━━━━━ INPUT MATERIAL

(* Let $n\ge 1$. For every $G\in\mathcal{G}_{2n}$ with $F(G)=n-1$ we have $\lfloor n/2\rfloor\le f(G)\le n-1$, and for every integer $m$ with $\lfloor n/2\rfloor\leq m\leq n-1$ there exists $G\in\mathcal{G}_{2n}$ with $F(G)=n-1$ and $f(G)=m$. That is, $\{f(G): G\in\mathcal{G}_{2n},\ F(G)=n-1\}=\{\lfloor n/2\rfloor,\dots,n-1\}$.
   Context: All graphs are finite and simple. $\mathcal{G}_{2n}$ denotes the set of all graphs with $2n$ vertices that have a perfect matching. For a perfect matching $M$ of $G$, a forcing set of $M$ is a subset $S\subseteq M$ contained in no other perfect matching of $G$; $f(G,M)$ is the minimum size of a forcing set of $M$. $f(G)$ and $F(G)$ are the minimum and maximum of $f(G,M)$ over all perfect matchings $M$ of $G$. *)

From mathcomp Require Import all_boot.
Set Implicit Arguments. Unset Strict Implicit. Unset Printing Implicit Defensive.

Definition simple_graph (V : finType) (e : rel V) : Prop :=
  (forall x, ~~ e x x) /\ (forall x y, e x y = e y x).

Definition is_pm (V : finType) (e : rel V) (M : {set {set V}}) : bool :=
  [forall A in M, exists u, exists v, [&& u != v, e u v & A == [set u; v]]] &&
  [forall x, #|[set A in M | x \in A]| == 1].

Definition has_pm (V : finType) (e : rel V) : bool := [exists M, is_pm e M].

Definition forcing (V : finType) (e : rel V) (M S : {set {set V}}) : bool :=
  (S \subset M) && [forall M', (is_pm e M' && (S \subset M')) ==> (M' == M)].

(* f(G,M): minimum size of a forcing set of M (M itself is forcing, so the default #|M| is harmless). *)
Definition fGM (V : finType) (e : rel V) (M : {set {set V}}) : nat :=
  \big[minn/#|M|]_(S | forcing e M S) #|S|.

(* f(G) and F(G): min and max of f(G,M) over perfect matchings M
   (defaults irrelevant when G has a perfect matching). *)
Definition fmin (V : finType) (e : rel V) : nat :=
  \big[minn/#|V|]_(M | is_pm e M) fGM e M.
Definition Fmax (V : finType) (e : rel V) : nat :=
  \max_(M | is_pm e M) fGM e M.

(* The general tool is an
   alternating-cycle criterion ([orientation_not_forcing]): a set [S] of matching edges does
   not force [N] as soon as some nonempty set of vertices not covered by [S], containing no
   two mates, lets each of its vertices step along a non-matching edge to the mate of a
   vertex of the set; a minimal invariant subset of this step map closes an alternating
   cycle, and exchanging along it gives a second perfect matching containing [S].

   A perfect matching [M] with forcing number at least [n - 1] is pairwise
   alternating: two non-alternating edges could be dropped and the rest would still force
   [M] ([non_alternating_forcing]).  If [M] is pairwise alternating and [S] is a forcing
   set of any perfect matching with [#|S| < n./2], two edges of [M] avoid the vertices of
   [S] and form a dominating square, which carries an alternating cycle avoiding [S] by a
   case analysis on the mates of its corners ([square_not_forcing]).  The upper bound holds
   because all edges but one force a perfect matching.

   For [n./2 <= m <= n - 1], [hub_graph n m] has [2 m + 1] universal hubs
   and pairs the other vertices as buddies [{2 j, 2 j + 1}].  The buddy matching is forced
   by its [m] edges below [2 m], every forcing set must cover all hubs but one, hence has
   [m] edges, and matching [i] with [i + n] is pairwise alternating, so [F = n - 1]. *)

From mathcomp Require Import all_boot zify.
From Stdlib Require Import Classical.
Set Implicit Arguments. Unset Strict Implicit. Unset Printing Implicit Defensive.

(* Every map sending a nonempty finite set into itself has a nonempty invariant subset
   on which it is onto (hence a bijection): take an invariant subset of least size. *)
Lemma invariant_core (T : finType) (f : T -> T) (X : {set T}) :
  X != set0 -> f @: X \subset X -> exists2 Y : {set T}, (Y != set0) && (Y \subset X) & f @: Y = Y.
Proof.
move=> X0 fX; pose P (Y : {set T}) := [&& Y != set0, Y \subset X & f @: Y \subset Y].
have PX : P X by rewrite /P X0 subxx fX.
case: (@arg_minnP _ X P (fun Y : {set T} => #|Y|) PX) => Y /and3P [Y0 YX fY] minY.
exists Y; first by rewrite Y0 YX.
apply/eqP; rewrite eqEcard fY /=; apply: minY.
by rewrite /P imset_eq0 Y0 (subset_trans fY YX) imsetS.
Qed.

Lemma cover_pairs (T : finType) (h : T -> T) (Y : {set T}) :
  cover [set [set y; h y] | y in Y] = Y :|: h @: Y.
Proof.
apply/setP => x; apply/bigcupP/setUP => [[B /imsetP [y yY ->]]|].
  by rewrite !inE => /orP [] /eqP ->; [left | right; apply: imset_f].
case=> [xY | /imsetP [y yY ->]].
  by exists [set x; h x]; [apply: imset_f | apply: setU11].
by exists [set y; h y]; [apply: imset_f | rewrite !inE eqxx orbT].
Qed.

Lemma disjoint_set2 (T : finType) (a b c d : T) :
  a != c -> a != d -> b != c -> b != d -> [disjoint [set a; b] & [set c; d]].
Proof.
move=> ac ad bc bd; rewrite -setI_eq0; apply/eqP/setP => x; rewrite !inE.
by apply/negbTE; apply/andP => -[/orP [] /eqP -> /orP [] /eqP E];
  move: ac ad bc bd; rewrite E eqxx.
Qed.

Ltac distinct := rewrite /= !inE !negb_or; repeat (apply/andP; split); rewrite // eq_sym //.

Lemma uniq4P (T : eqType) (a b c d : T) :
  uniq [:: a; b; c; d] -> [/\ a != b, a != c, a != d, b != c & [/\ b != d & c != d]].
Proof. by rewrite /= !inE !negb_or -!andbA => /and3P [-> -> /and3P [-> -> /and3P [-> -> _]]]. Qed.

Lemma bigmin_le (I : finType) (P : pred I) (F : I -> nat) x0 j :
  P j -> \big[minn/x0]_(i | P i) F i <= F j.
Proof.
move=> Pj; rewrite unlock; have : j \in index_enum I by rewrite mem_index_enum.
elim: (index_enum I) => // i r IH; rewrite inE /= => /orP [/eqP <-|jr].
  by rewrite Pj geq_minl.
by case: ifP => _; rewrite ?geq_min IH ?orbT.
Qed.

Lemma bigmin_ge (I : finType) (P : pred I) (F : I -> nat) x0 k :
  k <= x0 -> (forall i, P i -> k <= F i) -> k <= \big[minn/x0]_(i | P i) F i.
Proof. by move=> k0 kF; elim/big_ind: _ => // x y kx ky; rewrite leq_min kx ky. Qed.

(* Counting step of the lower bound: [s < k./2] edges meet at most [k - 2] of [k] edges. *)
Lemma half_room k h s : s < k./2 -> h <= 2 * s -> 1 < k - h.
Proof. rewrite -divn2; lia. Qed.

Section PerfectMatchings.
Variables (V : finType) (e : rel V).
Hypothesis e_sym : forall x y, e x y = e y x.

Definition edge_of (A : {set V}) : Prop :=
  exists u v, [/\ u != v, e u v & A = [set u; v]].

Lemma pmP (M : {set {set V}}) :
  is_pm e M <->
  [/\ {in M, forall A, edge_of A},
      (forall x, exists2 A, A \in M & x \in A) &
      (forall x A B, A \in M -> B \in M -> x \in A -> x \in B -> A = B)].
Proof.
split.
- move=> /andP [/forallP edgeM /forallP oneM]; split.
  + move=> A HA; move: (edgeM A); rewrite HA /=.
    by move=> /existsP [u /existsP [v /and3P [uv euv /eqP ->]]]; exists u, v.
  + move=> x; have /cards1P [A hA] := oneM x.
    have : A \in [set B in M | x \in B] by rewrite hA set11.
    by rewrite inE => /andP [HA xA]; exists A.
  + move=> x A B HA HB xA xB; have /cards1P [C hC] := oneM x.
    have : A \in [set A0 in M | x \in A0] by rewrite inE HA xA.
    have : B \in [set A0 in M | x \in A0] by rewrite inE HB xB.
    by rewrite hC !inE => /eqP -> /eqP ->.
- move=> [edgeM coverM uniqM]; apply/andP; split; apply/forallP.
  + move=> A; apply/implyP => HA; have [u [v [uv euv ->]]] := edgeM A HA.
    by apply/existsP; exists u; apply/existsP; exists v; rewrite uv euv eqxx.
  + move=> x; apply/cards1P; have [A HA xA] := coverM x; exists A.
    apply/setP => B; rewrite !inE; apply/andP/eqP => [[HB xB]|->] //.
    exact: uniqM xB xA.
Qed.

Definition mate (M : {set {set V}}) (x : V) : V :=
  odflt x [pick y | [set x; y] \in M].

Section Mate.
Variable M : {set {set V}}.
Hypothesis pmM : is_pm e M.

Lemma pm_edge A : A \in M -> edge_of A.
Proof. by have [edgeM _ _] := (pmP M).1 pmM; apply: edgeM. Qed.

Lemma pm_cover x : exists2 A, A \in M & x \in A.
Proof. by have [_ coverM _] := (pmP M).1 pmM; apply: coverM. Qed.

Lemma pm_uniq x A B : A \in M -> B \in M -> x \in A -> x \in B -> A = B.
Proof. by have [_ _ uniqM] := (pmP M).1 pmM; apply: uniqM. Qed.

Lemma mate_edge x : [set x; mate M x] \in M.
Proof.
have [A HA xA] := pm_cover x; have [u [v [_ _ EA]]] := pm_edge HA.
rewrite /mate; case: pickP => [y //|none].
move: xA; rewrite EA !inE => /orP [] /eqP xE; subst x.
- by move: (none v); rewrite -EA HA.
- by move: (none u); rewrite setUC -EA HA.
Qed.

Lemma pm_edgeE A x : A \in M -> x \in A -> A = [set x; mate M x].
Proof. by move=> HA xA; apply: pm_uniq HA (mate_edge x) xA (setU11 _ _). Qed.

Lemma pm_edge_neq x y : [set x; y] \in M -> y != x.
Proof.
move=> /pm_edge [u [v [uv _ E]]]; apply/eqP => yx.
by move: (congr1 (fun A : {set V} => #|A|) E); rewrite yx setUid cards1 cards2 uv.
Qed.

Lemma pm_edge_pair A x y : A \in M -> x \in A -> y \in A -> x != y -> A = [set x; y].
Proof.
move=> AM xA yA xy; rewrite (pm_edgeE AM xA); congr [set x; _].
by move: yA; rewrite (pm_edgeE AM xA) !inE eq_sym (negbTE xy) => /eqP.
Qed.

Lemma pm_edges_neq A B x y :
  A \in M -> B \in M -> A != B -> x \in A -> y \in B -> x != y.
Proof.
move=> AM BM AB xA yB; apply: contraNneq AB => xy; apply/eqP.
by apply: (pm_uniq AM BM xA); rewrite xy.
Qed.

Lemma mate_neq x : mate M x != x.
Proof. exact: pm_edge_neq (mate_edge x). Qed.

Lemma mateK : involutive (mate M).
Proof.
move=> x; have E := pm_edgeE (mate_edge x) (setU1r _ (set11 _)).
have : x \in [set mate M x; mate M (mate M x)] by rewrite -E setU11.
by rewrite !inE eq_sym (negbTE (mate_neq x)) => /eqP.
Qed.

Lemma mate_eqE x y : (mate M x == y) = (x == mate M y).
Proof. by apply/eqP/eqP => [<-|->]; rewrite mateK. Qed.

Lemma in_pmE x y : ([set x; y] \in M) = (y == mate M x).
Proof.
apply/idP/eqP => [H|->]; last exact: mate_edge.
have : y \in [set x; mate M x] by rewrite -(pm_edgeE H (setU11 _ _)) !inE eqxx orbT.
by rewrite !inE (negbTE (pm_edge_neq H)) => /eqP.
Qed.

Lemma mate_adj x : e x (mate M x).
Proof.
have [u [v [_ euv E]]] := pm_edge (mate_edge x).
have xuv : x \in [set u; v] by rewrite -E setU11.
have : mate M x \in [set u; v] by rewrite -E !inE eqxx orbT.
move: xuv (mate_neq x); rewrite !inE.
by case/orP => /eqP -> /[swap] /orP [] /eqP ->; rewrite ?eqxx // e_sym.
Qed.

Lemma pm_matesE : M = [set [set x; mate M x] | x : V].
Proof.
apply/setP => A; apply/idP/imsetP => [HA|[x _ ->]]; last exact: mate_edge.
have [u [v [_ _ EA]]] := pm_edge HA.
by exists u => //; apply: pm_edgeE; rewrite // EA setU11.
Qed.

Lemma card_cover_pm (R : {set {set V}}) : R \subset M -> #|cover R| = 2 * #|R|.
Proof.
move=> RM; rewrite mulnC; apply: card_uniform_partition.
  by move=> A /(subsetP RM) /pm_edge [u [v [uv _ ->]]]; rewrite cards2 uv.
apply/and3P; split => //.
- apply/trivIsetP => A B /(subsetP RM) HA /(subsetP RM) HB; apply: contraR.
  by case/pred0Pn => x /andP [xA xB]; rewrite (pm_uniq HA HB xA xB).
- by apply/negP => /(subsetP RM) /pm_edge [u [v [_ _ /setP /(_ u)]]]; rewrite !inE eqxx.
Qed.

Lemma pm_card : #|V| = 2 * #|M|.
Proof.
rewrite -(card_cover_pm (subxx M)); suff -> : cover M = [set: V] by rewrite cardsT.
apply/setP => x; rewrite inE.
by have [A HA xA] := pm_cover x; apply/bigcupP; exists A.
Qed.

End Mate.

Definition pairing (s : V -> V) : {set {set V}} := [set [set x; s x] | x : V].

━━━━━━━━━━

TASK DETAILS: Locate the word "Require" in the entries, and copy every line where it is found.

ANSWER BOX:
From mathcomp Require Import all_boot.
From mathcomp Require Import all_boot zify.
From Stdlib Require Import Classical.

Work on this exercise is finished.